Он вышел во двор и зажмурился: его ослепило сверкание сугробов под лучами морозного утра.
Еще холодно. Но часа через три снег на дорогах станет мягким, и ледяные гребешки, оставшиеся от вчерашнего припека, будут потихоньку таять и меняться в форме. Тогда можно будет расстегнуть телогрейку. Шапка, всю зиму удобная и нужная станет тяжелой. Ее придется передвигать то на затылок, то на лоб, то набок — и все равно она будет мешать.
Поднявшись на горку, он остановился потрясенный: во всех печах, стоявших теперь на месте сожженных изб, горел огонь, и около них топтались закутанные платками женщины с ухватами и горшками. Они вернулись из лесу, и им негде было сварить обед.
Они варили обед на улице, каждая в своей печке. Ему показалось в эту минуту, что он не видел ничего страшнее: стоят среди сугробов печи, и в них варят обед. А на одной печи сидит мальчишка.
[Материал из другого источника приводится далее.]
(* Let $X$ be a finite set with $|X|\geq 3$ and let $N,N'$ be binary level-1 networks on $X$ with $\mathcal R(N)\subseteq\mathcal R(N')$. Let $v$ be a split vertex of $N$ that is the head of a cut arc of $N$, and $v'$ a split vertex of $N'$ that is the head of a cut arc of $N'$. Then $C_N(v)$ and $C_{N'}(v')$ are compatible, i.e. $C_N(v)\cap C_{N'}(v')\in\{\emptyset,C_N(v),C_{N'}(v')\}$. Moreover, if $C_N(v)\subsetneq C_{N'}(v')$, then $C_N(v)$ is not a maximal SN-set of $\mathcal R(N)$.
   Context: A leaf of a DAG is a vertex of in-degree 1 and out-degree 0. For a finite set $X$, a phylogenetic network on $X$ is a DAG (no loops, no multiple arcs) with a unique vertex (the root) of in-degree 0, which has out-degree at least 2, whose set of leaves is $X$, and in which every other non-leaf vertex is either a split vertex (in-degree 1, out-degree $\geq 2$) or a hybrid vertex (in-degree $\geq 2$, out-degree $\geq 1$). It is binary if the root and all split vertices have out-degree 2 and every hybrid vertex has in-degree 2 and out-degree 1. $U(N)$ denotes the underlying undirected graph. A binary level-1 network is a binary phylogenetic network in which every biconnected component of $U(N)$ contains at most one hybrid vertex; by standing convention every cycle of $U(N)$ has at least four vertices. An arc is a cut arc if deleting it disconnects $U(N)$. For a vertex $v$, $C_N(v)$ is the set of leaves reachable from $v$ by a directed path. For distinct $a,b,c\in X$, the triplet $ab|c$ is consistent with $N$ if there exist distinct vertices $v,w$ of $N$ and directed paths from $v$ to $c$, from $v$ to $w$, from $w$ to $a$ and from $w$ to $b$ such that no two of these paths share an interior vertex; $\mathcal R(N)$ is the set of all triplets consistent with $N$. For a set $\mathcal R$ of triplets on $X$, a subset $S\subseteq X$ is an SN-set of $\mathcal R$ if there is no triplet $xy|z\in\mathcal R$ with $x,z\in S$ and $y\notin S$; it is non-trivial if $S\neq X$, and a non-trivial SN-set is maximal if no non-trivial SN-set strictly contains it. *)

From HB Require Import structures.
From mathcomp Require Import all_boot.
Set Implicit Arguments. Unset Strict Implicit. Unset Printing Implicit Defensive.

Record network (X : finType) := Network {
  vtx : finType;
  arc : rel vtx;
  lf : X -> vtx }.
На нем большая шапка колоколом; он притих, нахохлился, прижавшись боком к теплой трубе, из которой вьется в небо сизый дым.
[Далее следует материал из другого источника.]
Lemma dense_set_of_star2 f U t : fpf_involution f ->
  #|U| + t <= #|star2 f U| ->
  exists (A : {set 'I_n}),
    exists2 D : {set H}, #|A| <= (1 + r) * #|U| /\ #|D| = #|A| + t &
    D \subset halfedges_at A /\ f \in matched_into (halfedges_at A) D.
Proof.
move=> fI leUtW; set W := star2 f U; set A := U :|: W.
have cardA : #|A| = #|U| + #|W :\: U|.
  by rewrite cardsU cardsD [U :&: W]setIC addnBA // subset_leq_card // subsetIl.
have leWD : #|W :\: U| <= #|W| by rewrite subset_leq_card // subsetDl.
have [D0 cardD0 [sD0A fD0]] := exists_matched_half (halfedges_at A) fI.
have := leq_trans (card_inner_halfedges_star2 U fI) cardD0.
rewrite leq_pmul2l // => leWD0.
have [D sDD0 cardD] : exists2 D : {set H}, D \subset D0 & #|D| = #|A| + t.
  apply: exists_subset_card; apply: leq_trans leWD0.
  by rewrite cardA addnAC leq_add2r.
exists A, D; split=> //.
- rewrite cardA mulnDl mul1n leq_add2l mulnC (leq_trans leWD) //.
  by apply: leq_trans (card_star2_le f U); rewrite leq_pmull.
- exact: subset_trans sDD0 sD0A.
- exact: subsetP (matched_into_subset _ sDD0) _ fD0.
Qed.

End ConfigurationModel.

Lemma card_halfedge n r : #|halfedge n r| = n * r.
Proof. by rewrite card_prod !card_ord. Qed.

(* Triples (A, D, f) witnessing that the s vertices of A span at least e edges of f. *)
Definition span_count n r s e : nat :=
  \sum_(A : {set 'I_n} | #|A| == s)
     \sum_(D : {set halfedge n r} | (D \subset halfedges_at r A) && (#|D| == e))
        #|matched_into (halfedges_at r A) D|.

Lemma span_count_le n r s e :
  span_count n r s e * (n * r - 2 * e) ^ e
    <= 'C(n, s) * 'C(s * r, e) * #|matchings (halfedge n r)| * (s * r) ^ e.
Proof.
rewrite /span_count big_distrl -!mulnA -[n in 'C(n, s)]card_ord -card_draws.
rewrite -sum_nat_cond_const; apply: leq_sum => A /eqP cardA.
rewrite big_distrl -cardA -(card_halfedges_at r A) -cards_draws -sum_nat_cond_const.
apply: leq_sum => D /andP [_ /eqP cardD].
have := card_matched_into_le (halfedges_at r A) D.
by rewrite cardD card_halfedge.
Qed.

Lemma span_count_eq0 n r s e : s * r < e -> span_count n r s e = 0.
Proof.
move=> lt_sr_e; rewrite /span_count big1 // => A /eqP cardA.
rewrite big1 // => D /andP [sDA /eqP cardD].
by move: (subset_leq_card sDA); rewrite card_halfedges_at cardA cardD leqNgt lt_sr_e.
Qed.

Lemma card_dense_pairings n r m t :
  #|[set f : {perm halfedge n r} | fpf_involution f &&
      [exists U : {set 'I_n}, (#|U| == m) && (m + t <= #|star2 f U|)]]|
    <= \sum_(s < ((1 + r) * m).+1) span_count n r s (s + t).
Proof.
set Ev := [set f | _]; pose sg := (1 + r) * m.
have sub : Ev \subset \bigcup_(s < sg.+1) \bigcup_(A : {set 'I_n} | #|A| == s)
    \bigcup_(D : {set halfedge n r} |
              (D \subset halfedges_at r A) && (#|D| == s + t))
      matched_into (halfedges_at r A) D.
  apply/subsetP => f; rewrite inE => /andP [fI /existsP [U /andP [/eqP cardU]]].
  rewrite -{1}cardU => /(dense_set_of_star2 fI) [A [D [leA cardD] [sDA fAD]]].
  rewrite cardU -ltnS in leA; apply/bigcupP; exists (Ordinal leA) => //.
  apply/bigcupP; exists A => //; apply/bigcupP; exists D => //.
  by rewrite sDA cardD eqxx.
apply: leq_trans (subset_leq_card sub) _; apply: leq_trans (card_bigcup_le _ _) _.
apply: leq_sum => s _; apply: leq_trans (card_bigcup_le _ _) _.
by apply: leq_sum => A _; apply: card_bigcup_le.
Qed.

Section RealBounds.
Local Open Scope R_scope.

Lemma INR_addn a b : INR (a + b)%N = INR a + INR b.
Proof. exact: plus_INR. Qed.

Lemma INR_muln a b : INR (a * b)%N = INR a * INR b.
Proof. exact: mult_INR. Qed.

Lemma INR_subn a b : (b <= a)%N -> INR (a - b)%N = INR a - INR b.
Proof. by move/leP; apply: minus_INR. Qed.

Lemma INR_expn a k : INR (a ^ k)%N = INR a ^ k.
Proof. by rewrite -pow_INR; congr INR; elim: k => //= k IHk; rewrite expnS IHk. Qed.

Lemma leq_INR a b : (a <= b)%N -> INR a <= INR b.
Proof. by move/leP; apply: le_INR. Qed.

Lemma exp_le_compat x y : x <= y -> exp x <= exp y.
Proof. by case=> [/exp_increasing/Rlt_le | ->]; [|apply: Rle_refl]. Qed.

Lemma ln_le_compat x y : 0 < x -> x <= y -> ln x <= ln y.
Proof. by move=> x_gt0 [/(ln_increasing _ _ x_gt0)/Rlt_le | ->]; [|apply: Rle_refl]. Qed.

Lemma pow_eq_exp q k : 0 < q -> q ^ k = exp (INR k * ln q).
Proof. by move=> q_gt0; rewrite -Rpower_pow. Qed.

Lemma pow_le_exp p k : 0 <= p -> (1 + p) ^ k <= exp (p * INR k).
Proof.
move=> p_ge0; elim: k => [|k IHk]; first by rewrite /= Rmult_0_r exp_0; lra.
rewrite S_INR Rmult_plus_distr_l Rmult_1_r exp_plus /= [exp _ * _]Rmult_comm.
by apply: Rmult_le_compat => //; [lra | apply: pow_le; lra | apply: exp_ineq1_le].
Qed.

Lemma binom_pow_le k s p : 0 <= p -> INR 'C(k, s) * p ^ s <= (1 + p) ^ k.
Proof.
move=> p_ge0; elim: k s => [|k IHk] [|s].
- by rewrite /=; lra.
- by rewrite bin0n /=; lra.
- have : 1 <= (1 + p) ^ k.+1 by apply: pow_R1_Rle; lra.
  by rewrite bin0 /=; lra.
have IH1 := IHk s.+1; have IH2 := IHk s.
have pk_ge0 : 0 <= (1 + p) ^ k by apply: pow_le; lra.
have ps_ge0 : 0 <= p ^ s by apply: pow_le.
rewrite binS INR_addn /= in IH1 *; nra.
Qed.

Lemma span_count_le_ratio n r s e :
  (0 < n)%N -> (0 < r)%N -> (e <= s * r)%N -> (4 * s <= n)%N ->
  INR (span_count n r s e) <= INR 'C(n, s) * INR 'C(s * r, e) *
    INR #|matchings (halfedge n r)| * (2 * INR s / INR n) ^ e.
Proof.
move=> n_gt0 r_gt0 le_e_sr le4s_n.
have le4e : (4 * e <= n * r)%N.
  by rewrite (leq_trans (leq_mul (leqnn 4) le_e_sr)) // mulnA leq_mul2r le4s_n orbT.
have le2e : (2 * e <= n * r)%N by apply: leq_trans le4e; rewrite leq_mul2r orbT.
have := leq_INR (span_count_le n r s e).
rewrite !INR_muln !INR_expn INR_subn // !INR_muln.
move: (leq_INR le4e) (leq_INR le4s_n); rewrite !INR_muln /= => He Hs.
have n_gt0' : 0 < INR n by apply: (lt_INR 0); apply/ltP.
have r_gt0' : 0 < INR r by apply: (lt_INR 0); apply/ltP.
set K := _ * INR #|_|; set D := _ - _ * INR e; set p := 2 * INR s / INR n => Hspan.
have s_ge0 := pos_INR s; have r_ge0 := pos_INR r.
have D_gt0 : 0 < D.
  by rewrite /D; have := Rmult_lt_0_compat _ _ n_gt0' r_gt0'; lra.
have sr_le_pD : INR s * INR r <= p * D.
  rewrite /p /D; apply: (Rmult_le_reg_l (INR n)) => //.
  have -> : INR n * (2 * INR s / INR n * (INR n * INR r - 2 * INR e))
          = 2 * INR s * (INR n * INR r) - 4 * INR s * INR e by field; lra.
  nra.
have De_gt0 : 0 < D ^ e by apply: pow_lt.
apply: (Rmult_le_reg_r (D ^ e)) => //; apply: (Rle_trans _ _ _ Hspan).
rewrite Rmult_assoc -Rpow_mult_distr; apply: Rmult_le_compat_l.
  by rewrite /K; repeat apply: Rmult_le_pos; apply: pos_INR.
by apply: pow_incr; split => //; apply: Rmult_le_pos.
Qed.

Lemma binom_le_pow2 k j : INR 'C(k, j) <= 2 ^ k.
Proof.
have := binom_pow_le k j Rle_0_1; rewrite pow1 Rmult_1_r.
by rewrite (_ : 1 + 1 = 2) //; lra.
Qed.

Lemma binom_ratio_le_exp n s : (0 < n)%N ->
  INR 'C(n, s) * (2 * INR s / INR n) ^ s <= exp (2 * INR s).
Proof.
move=> n_gt0; have n_gt0' : 0 < INR n by apply: (lt_INR 0); apply/ltP.
have p_ge0 : 0 <= 2 * INR s / INR n.
  by apply: Rmult_le_pos; [have := pos_INR s; lra | apply/Rlt_le/Rinv_0_lt_compat].
apply: Rle_trans (binom_pow_le n s p_ge0) _; apply: Rle_trans (pow_le_exp n p_ge0) _.
by apply: exp_le_compat; rewrite /Rdiv Rmult_assoc Rinv_l; lra.
Qed.

Lemma span_count_le_exp n r s t sg :
  (0 < n)%N -> (0 < r)%N -> (s <= sg)%N -> (4 * sg <= n)%N ->
  INR (span_count n r s (s + t)%N) <= INR #|matchings (halfedge n r)| *
    (exp (2 * INR sg) * 2 ^ (sg * r)%N * (2 * INR sg / INR n) ^ t).
Proof.
move=> n_gt0 r_gt0 le_s_sg le4sg_n.
have n_gt0' : 0 < INR n by apply: (lt_INR 0); apply/ltP.
have s_le_sg := leq_INR le_s_sg; have s_ge0 := pos_INR s.
set M := INR #|_|; have M_ge0 : 0 <= M by apply: pos_INR.
have exp_ge0 : 0 <= exp (2 * INR sg) by apply/Rlt_le/exp_pos.
set p := 2 * INR s / INR n; set q := 2 * INR sg / INR n.
have p_ge0 : 0 <= p by apply: Rmult_le_pos; [lra | apply/Rlt_le/Rinv_0_lt_compat].
have p_le_q : p <= q by apply: Rmult_le_compat_r; [apply/Rlt_le/Rinv_0_lt_compat | lra].
have [le_e_sr | lt_sr_e] := leqP (s + t) (s * r); last first.
  rewrite span_count_eq0 //=; apply: Rmult_le_pos => //.
  by repeat apply: Rmult_le_pos => //; apply: pow_le; lra.
have le4s_n : (4 * s <= n)%N.
  by apply: leq_trans le4sg_n; rewrite leq_mul2l le_s_sg orbT.
apply: Rle_trans (span_count_le_ratio n_gt0 r_gt0 le_e_sr le4s_n) _.
have binom_n : INR 'C(n, s) * p ^ s <= exp (2 * INR sg).
  by apply: Rle_trans (binom_ratio_le_exp s n_gt0) _; apply: exp_le_compat; lra.
have binom_sr : INR 'C(s * r, s + t) <= 2 ^ (sg * r)%N.
  apply: Rle_trans (binom_le_pow2 _ _) _.
  by apply: Rle_pow; [lra | apply/leP; rewrite leq_mul2r le_s_sg orbT].
have -> : INR 'C(n, s) * INR 'C(s * r, s + t) * M * p ^ (s + t)
         = M * (INR 'C(n, s) * p ^ s * INR 'C(s * r, s + t) * p ^ t).
  by rewrite pow_add; ring.
apply: Rmult_le_compat_l => //; apply: Rmult_le_compat; try apply: pow_incr; try lra.
- by repeat apply: Rmult_le_pos; try apply: pos_INR; apply: pow_le.
- exact: pow_le.
apply: Rmult_le_compat => //; last exact: pos_INR.
by apply: Rmult_le_pos; [apply: pos_INR | apply: pow_le].
Qed.

Lemma pow2_le_exp k : 2 ^ k <= exp (INR k).
Proof.
rewrite pow_eq_exp; last lra.
apply: exp_le_compat; rewrite -[X in _ <= X]Rmult_1_r; apply: Rmult_le_compat_l.
  exact: pos_INR.
rewrite -[X in _ <= X](ln_exp 1); apply/Rlt_le/ln_increasing; first lra.
by have := exp_ineq1 1; lra.
Qed.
— Вот как им трудно, — проговорил Рябов, растерянно разведя руками. И то, что он часами лежал на снегу, мерз под пулями, а потом вскакивал и бежал, потея и задыхаясь, вперед и вперед без отдыха, почти без сна, лишь вздремнув у походного костра и наглотавшись его едкого дыма, — все это вместе взятое, казавшееся раньше неизмеримо трудным, сейчас представлялось ему совсем пустяковым, и он добавил: — Даже труднее, чем нам.
Эта фраза, произнесенная им вслух, вывела его из оцепенения, в котором он находился. Он сел с автоматчиками на машину, но она долго не трогалась. Он не вытерпел, перегнулся к окну кабины и, покраснев от злости, закричал на шофера:
— Какого черта не едешь, если все давно сели!
И когда машина тронулась, он встал во весь свой могучий рост. Встречный холодный воздух ударил ему в лицо, он сощурился, и на глаза туманом набежала слеза, может быть, от ветра…
ХОЗЯИН
(Памяти Героя Советского Союза Крылова)
В этот жаркий день они не смогли продвинуться ни на метр. Они залегли под огнем фланкирующего пулемета. А перед ними — высота, на которой сидели фашисты. Высоту нужно было взять.
Они поднялись в атаку, чтобы в коротком злом бою покончить с гитлеровцами, засевшими там, на высоте. Гитлеровцы, конечно, не выдержали бы этого удара. Они вообще боятся наших штыковых ударов.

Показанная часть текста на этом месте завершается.